Michael McGarity appeals his civil commitment following the trial court's adjudication that he is a sexually violent predator. In two issues, McGarity contends that the evidence is legally and factually insufficient to support the trial court's judgment. We affirm.
McGarity is an inmate, who currently is serving two twenty-five-year concurrent sentences for aggravated sexual assault of a child. On November 23, 2021, the State filed a petition seeking to have McGarity adjudicated a sexually violent predator and committed for treatment and supervision pursuant to Chapter 841 of the Texas Health and Safety Code. A jury found beyond a reasonable doubt that McGarity is a sexually violent predator. On that basis, the trial court entered a final judgment and order of civil commitment. McGarity filed a motion for new trial, which was overruled by operation of law. This appeal followed.
In his first and second issues, McGarity argues that the evidence is neither legally nor factually sufficient to support the jury's finding that he is a sexually violent predator.

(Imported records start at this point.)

(* Consider the linear regression model $y=Ug+v$ with $y\in\mathbb{R}^N$ observed, $U\in\mathbb{R}^{N\times n}$ known, $g\in\mathbb{R}^n$ unknown. Let $p>0$ be an integer such that $m:=N/p$ is an integer. Let the hyperparameter vector be $\theta=(\lambda,\beta,\Upsilon_1,\dots,\Upsilon_p)$, with the model: given $\theta$, $g\sim\mathcal N(0,\lambda K_\beta)$ with $\{K_\beta\}_{i,j}=\beta^{\max(i,j)}$; given $\theta$, $v\sim\mathcal N(0,\Sigma_v)$ independent of $g$, where $\Sigma_v=\mathrm{diag}\{\tau_1,\dots,\tau_N\}$ with $\tau_{(i-1)m+1}=\dots=\tau_{im}=\Upsilon_i$ for $i=1,\dots,p$; prior $p(\theta)=p(\lambda)p(\beta)\prod_{i=1}^p p(\Upsilon_i)$, with $p(\lambda)\propto\chi_{\mathbb{R}^+}(\lambda)$, $p(\beta)=\chi_{[0,1)}(\beta)$, and the $\Upsilon_i$ i.i.d. with either (Laplacian case) $p(\Upsilon)=\frac1{\sigma^2}e^{-\Upsilon/\sigma^2}$, $\Upsilon\ge0$, or (Student's t case, $\nu>2$) $p(\Upsilon)=\frac{((\nu-2)\sigma^2/2)^{\nu/2}}{\Gamma(\nu/2)}\Upsilon^{-\nu/2-1}e^{-(\nu-2)\sigma^2/(2\Upsilon)}$, $\Upsilon\ge0$, with $\sigma^2>0$ given. For $\theta$, let $P=(U^T\Sigma_v^{-1}U+(\lambda K_\beta)^{-1})^{-1}$ and $C=PU^T\Sigma_v^{-1}$. Consider the EM method for maximizing $\log(p(y\mid\theta)p(\theta))$ with latent variable $g$: given $\hat\theta^{(k)}$, $\hat\theta^{(k+1)}=\arg\max_\theta\mathbb{E}_{p(g\mid y,\hat\theta^{(k)})}\big[\log p(y,g\mid\theta)+\sum_{i=1}^p\log p(\Upsilon_i)\big]$. Let $\hat C^{(k)},\hat P^{(k)}$ be $C,P$ evaluated at $\hat\theta^{(k)}$, $\hat y^{(k)}=U\hat C^{(k)}y$, $\hat S^{(k)}=U\hat P^{(k)}U^T$. Partition $\hat S^{(k)}$ into $m\times m$ blocks $\hat S^{(k)}_{ij}$, $i,j=1,\dots,p$, and $y$, $\hat y^{(k)}$ into consecutive blocks $Y_i,\hat Y_i^{(k)}\in\mathbb{R}^m$, $i=1,\dots,p$. Define $\hat\zeta_i^{(k)}=\|Y_i-\hat Y_i^{(k)}\|^2+\mathrm{Tr}\{\hat S^{(k)}_{ii}\}$. Then the updates $\hat\Upsilon_i^{(k+1)}$, $i=1,\dots,p$, are: in the Laplacian case $\hat\Upsilon_i^{(k+1)}=\frac{m\sigma^2}{4}\Big(\sqrt{1+\frac{8\hat\zeta_i^{(k)}}{m^2\sigma^2}}-1\Big)$; in the Student's t case $\hat\Upsilon_i^{(k+1)}=\frac{\hat\zeta_i^{(k)}+(\nu-2)\sigma^2}{\nu+2+m}$.
   Context: $\chi_{\mathcal S}$ denotes the indicator function of the set $\mathcal S$. $\mathrm{Tr}$ denotes the trace and $\|\cdot\|$ the Euclidean norm. *)

From HB Require Import structures.
From mathcomp Require Import all_boot all_order all_algebra.
From mathcomp Require Import all_classical all_reals all_analysis.
Set Implicit Arguments. Unset Strict Implicit. Unset Printing Implicit Defensive.
Import Order.TTheory GRing.Theory Num.Theory.
Import numFieldNormedType.Exports.
Local Open Scope classical_set_scope.
Local Open Scope ring_scope.
Lemma ncross_le_sides x y : x < y -> y < N ->
  ncross F (nedge N x y) <= 2 * (y - x - 1) /\
  ncross F (nedge N x y) <= 2 * (x + (N - y - 1)).
Proof.
move=> hxy hy; split.
  rewrite -(card_ord_inner x hy); apply: ncross_le_hitting => f fF.
  case/(cross_nedgeP hxy hy) => k [l [hkl hl -> h]].
  have hk : k < N by apply: ltn_trans hl.
  case/orP: h => /andP [/andP [h1 h2] h3].
    by exists (Ordinal hk); [rewrite inE /=; apply/andP; split; lia | rewrite in_nedge eqxx].
  by exists (Ordinal hl); [rewrite inE /=; apply/andP; split; lia | rewrite in_nedge eqxx orbT].
rewrite -(card_ord_outer hxy hy); apply: ncross_le_hitting => f fF.
case/(cross_nedgeP hxy hy) => k [l [hkl hl -> h]].
have hk : k < N by apply: ltn_trans hl.
case/orP: h => /andP [/andP [h1 h2] h3].
  by exists (Ordinal hl); [rewrite inE /=; apply/orP; right; lia | rewrite in_nedge eqxx orbT].
by exists (Ordinal hk); [rewrite inE /=; apply/orP; left; lia | rewrite in_nedge eqxx].
Qed.

Lemma ncross_edge_bounds e : e \in F ->
  exists x y, [/\ x < y, y < N & e = nedge N x y] /\
    [/\ ncross F e + 3 <= N, ncross F e <= 2 * (y - x - 1)
      & ncross F e <= 2 * (x + (N - y - 1))].
Proof.
move=> eF; have [He _] := tfF.
case: (is_edgeP (He _ eF)) => i [j [hij E]].
have := two_factor_edge_partition hij; rewrite -E => /(_ eF) hp.
have [b1 b2] := ncross_le_sides hij (ltn_ord j).
rewrite nedgeE -E in b1 b2.
by exists i, j; rewrite nedgeE -E; split; split => //; lia.
Qed.

End TwoFactor.

Lemma crossings_double N (F : {set {set 'I_N}}) : 2 * crossings F = \sum_(e in F) ncross F e.
Proof.
set OP := [set p : {set 'I_N} * {set 'I_N} | [&& p.1 \in F, p.2 \in F & cross p.1 p.2]].
have -> : \sum_(e in F) ncross F e = #|OP|.
  rewrite /ncross; under eq_bigr do rewrite -sum1dep_card.
  by rewrite pair_big_dep sum1dep_card.
set CP := [set P : {set {set 'I_N}} |
  [&& P \subset F, #|P| == 2 & [exists e in P, exists f in P, cross e f]]].
have := double_count CP OP (fun P p => P == [set p.1; p.2]).
rewrite (eq_bigr (fun _ => 2)) => [|P]; last first.
  rewrite inE => /and3P [sPF cP /existsP [e /andP [eP /existsP [f /andP [fP cef]]]]].
  have nef : e != f by apply: contraTneq cef => ->; exact: cross_irrefl.
  have PE : P = [set e; f].
    apply/eqP; rewrite eq_sym eqEcard cards2 nef (eqP cP) leqnn andbT.
    by apply/subsetP => g; rewrite !inE => /orP [] /eqP ->.
  have eF : e \in F := subsetP sPF e eP.
  have fF : f \in F := subsetP sPF f fP.
  rewrite (_ : [set p in OP | P == [set p.1; p.2]] = [set (e, f); (f, e)]).
    by rewrite cards2 xpair_eqE negb_and nef.
  apply/setP => -[a b]; rewrite !inE /= PE; apply/idP/idP.
    case/andP => /and3P [aF bF cab] /eqP E.
    have ab : a != b by apply: contraTneq cab => ->; exact: cross_irrefl.
    have : a \in [set e; f] by rewrite E !inE eqxx.
    have : b \in [set e; f] by rewrite E !inE eqxx orbT.
    move: ab; rewrite !inE !xpair_eqE => ab /orP [] /eqP eb /orP [] /eqP ea; subst a b;
      rewrite ?eqxx ?orbT ?andbT //=; by rewrite eqxx in ab.
  case/orP => /eqP [-> ->]; rewrite eF fF ?(crossC f e) cef /= ?eqxx //.
  by rewrite setUC eqxx.
rewrite sum_nat_const => H; rewrite /crossings -/CP mulnC H.
rewrite (eq_bigr (fun _ => 1)) => [|p]; last first.
  rewrite inE => /and3P [aF bF cab].
  rewrite (_ : [set P in CP | P == [set p.1; p.2]] = [set [set p.1; p.2]]) ?cards1 //.
  apply/setP => P; rewrite !inE; case: (P =P [set p.1; p.2]) => [->|]; rewrite ?andbF ?andbT //.
  have ab : p.1 != p.2 by apply: contraTneq cab => ->; exact: cross_irrefl.
  rewrite cards2 ab /=; apply/andP; split.
    by apply/subsetP => g; rewrite !inE => /orP [] /eqP ->.
  apply/existsP; exists p.1; rewrite !inE eqxx /=.
  by apply/existsP; exists p.2; rewrite !inE eqxx orbT.
by rewrite sum_nat_const muln1.
Qed.

Definition diameter N (e : {set 'I_N}) :=
  [exists i : 'I_N, (i < N %/ 2) && (e == nedge N i (i + N %/ 2))].

Section UpperBound.
Variables (N m : nat).
Hypothesis N_eq : N = 4 * m.

Lemma diameter_nedge x y : x < y -> y < N -> diameter (nedge N x y) = (y == x + N %/ 2).
Proof.
move=> hxy hy; apply/idP/idP.
  case/existsP => i /andP [hi /eqP E].
  have h2 : i + N %/ 2 < N by lia.
  by case: (nedge_inj hxy hy _ h2 E) => [|-> ->]; [lia | rewrite eqxx].
move/eqP => ey; apply/existsP; exists (Ordinal (ltn_trans hxy hy)).
by rewrite /= -ey eqxx andbT; lia.
Qed.

Lemma card_lower_half : #|[set v : 'I_N | v < N %/ 2]| = N %/ 2.
Proof.
rewrite (card_ord_pred N (fun v => v < N %/ 2)).
by rewrite (eq_bigr (fun v => ((0 <= v) && (v < N %/ 2) : nat))) // sum_nat_range; lia.
Qed.

Implicit Type F : {set {set 'I_N}}.

(* A diameter is counted once, at its endpoint in the lower half. *)
Lemma card_diameters F :
  #|[set e in F | diameter e]| =
  \sum_(v in [set v : 'I_N | v < N %/ 2]) #|[set e in [set e in F | diameter e] | v \in e]|.
Proof.
rewrite double_count -sum1_card; apply: eq_bigr => e; rewrite !inE => /andP [eF].
case/existsP => i /andP [hi /eqP ->].
rewrite (_ : [set v in [set v : 'I_N | v < N %/ 2] | v \in nedge N i (i + N %/ 2)] =
             nedge N i i); first by rewrite card_nedge_diag.
apply/setP => v; rewrite !inE; apply/idP/idP.
  by case/andP => h /orP [] /eqP hv; fold_ord_val; rewrite hv ?eqxx //; lia.
by rewrite orbb => /eqP hv; fold_ord_val; rewrite hv eqxx andbT; lia.
Qed.

Lemma diameters_at F (v : 'I_N) : v < N %/ 2 ->
  #|[set e in [set e in F | diameter e] | v \in e]| <= 1 /\
  (0 < #|[set e in [set e in F | diameter e] | v \in e]| -> nedge N v (v + N %/ 2) \in F).
Proof.
move=> hv.
have at_v e : e \in [set e in [set e in F | diameter e] | v \in e] ->
    e = nedge N v (v + N %/ 2) /\ e \in F.
  rewrite !inE => /andP [/andP [eF /existsP [i /andP [hi /eqP E]]] ve].
  move: ve; rewrite E => /in_nedgeP [] hvi; last lia.
  by rewrite -hvi; split => //; rewrite hvi -E.
split; last by case/card_gt0P => e /at_v [<-].
rewrite -(cards1 (nedge N v (v + N %/ 2))); apply: subset_leq_card.
by apply/subsetP => e /at_v [-> _]; rewrite inE.
Qed.

Lemma card_diameters_le F : #|[set e in F | diameter e]| <= N %/ 2.
Proof.
rewrite card_diameters -{2}card_lower_half -sum1_card; apply: leq_sum => v.
by rewrite inE => hv; case: (diameters_at F hv).
Qed.

Lemma all_diameters F : #|[set e in F | diameter e]| = N %/ 2 ->
  forall v, v < N %/ 2 -> nedge N v (v + N %/ 2) \in F.
Proof.
move=> hD v hv; have hvN : v < N by lia.
set w := Ordinal hvN; have hw : w < N %/ 2 by [].
case: (diameters_at F hw) => _; apply.
rewrite lt0n; apply/negP => /eqP t0.
have := card_diameters F; rewrite hD => E.
set A := [set v : 'I_N | v < N %/ 2] in E.
have : \sum_(u in A) (#|[set e in [set e in F | diameter e] | u \in e]| + (u == w : nat))
       <= \sum_(u in A) 1.
  apply: leq_sum => u uA; case: (u =P w) => [->|_]; first by rewrite t0.
  by rewrite addn0; case: (diameters_at F (_ : u < N %/ 2)) => //; rewrite inE in uA.
rewrite big_split /= -E sum1_card card_lower_half -(card_sep_sum A (fun u => u == w)).
rewrite (_ : [set u in A | u == w] = [set w]) ?cards1; first lia.
by apply/setP => u; rewrite !inE; case: (u =P w) => [->|]; rewrite ?andbT ?andbF.
Qed.

Lemma ncross_diameter_bound F e : two_factor F -> e \in F ->
  ncross F e + (~~ diameter e : nat) <= N - 3 /\
  (~~ diameter e -> ncross F e + 1 = N - 3 ->
     exists x y, [/\ x < y, y < N, e = nedge N x y &
        (y = x + N %/ 2 + 1) \/ (y + 1 = x + N %/ 2)]).
Proof.
move=> tfF eF; case: (ncross_edge_bounds tfF eF) => x [y [[hxy hy E] [h3 b1 b2]]].
subst e; rewrite (diameter_nedge hxy hy).
case: (y =P x + N %/ 2) => [hd|hd] /=; split => //; try lia.
by move=> _ h; exists x, y; split => //; lia.
Qed.

Lemma sum_ncross_diameter F :
  \sum_(e in F) (ncross F e + (~~ diameter e : nat)) =
  2 * crossings F + #|[set e in F | ~~ diameter e]|.
Proof. by rewrite big_split /= -crossings_double card_sep_sum. Qed.

Lemma crossings_ub F : two_factor F -> 2 * crossings F + N %/ 2 <= N * (N - 3).
Proof.
move=> tfF.
have : \sum_(e in F) (ncross F e + (~~ diameter e : nat)) <= \sum_(e in F) (N - 3).
  by apply: leq_sum => e eF; case: (ncross_diameter_bound tfF eF).
rewrite sum_ncross_diameter sum_nat_const (card_two_factor tfF).
have := card_sepC F (@diameter N); rewrite (card_two_factor tfF).
have := card_diameters_le F; lia.
Qed.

Texas Health and Safety Code Chapter 841 provides for the involuntary "long-term supervision and treatment of sexually violent predators" meeting specified statutory criteria. TEX. HEALTH &SAFETY CODE ANN. § 841.001 (West 2017); In re Commitment of Stoddard, 619 S.W.3d 665, 669 (Tex. 2020). To meet its burden of proof in a sexually violent predator civil commitment case, the State must prove beyond a reasonable doubt that a person is a sexually violent predator. See TEX. HEALTH &SAFETY CODE ANN. § 841.062 (West Supp. 2022). A person is considered a "sexually violent predator" if he (1) is a repeat sexually violent offender, and (2) suffers from a behavioral abnormality that makes him likely to engage in a predatory act of sexual violence. Id. § 841.003(a) (West 2017). A "behavioral abnormality" is defined as a congenital or acquired condition that, by affecting a person's emotional or volitional capacity, predisposes the person to commit a sexually violent offense, to the extent that the person becomes a menace to the health and safety of another person. Id. § 841.002(2) (West 2017). "'Predatory act' means an act directed toward individuals, including family members, for the primary purpose of victimization." Id. § 841.002(5). And "sexually violent offense" includes the offense of aggravated sexual assault of a child. See id. § 841.002(8)(A); TEX. PENAL CODE ANN. § 22.021(a)(1)(B), (a)(2)(B) (West 2019). If, after a trial, a trial court or jury determines that a person is a sexually violent predator, the judge must commit him for treatment and supervision. See TEX. HEALTH &SAFETY CODE ANN § 841.081(a) (West 2017).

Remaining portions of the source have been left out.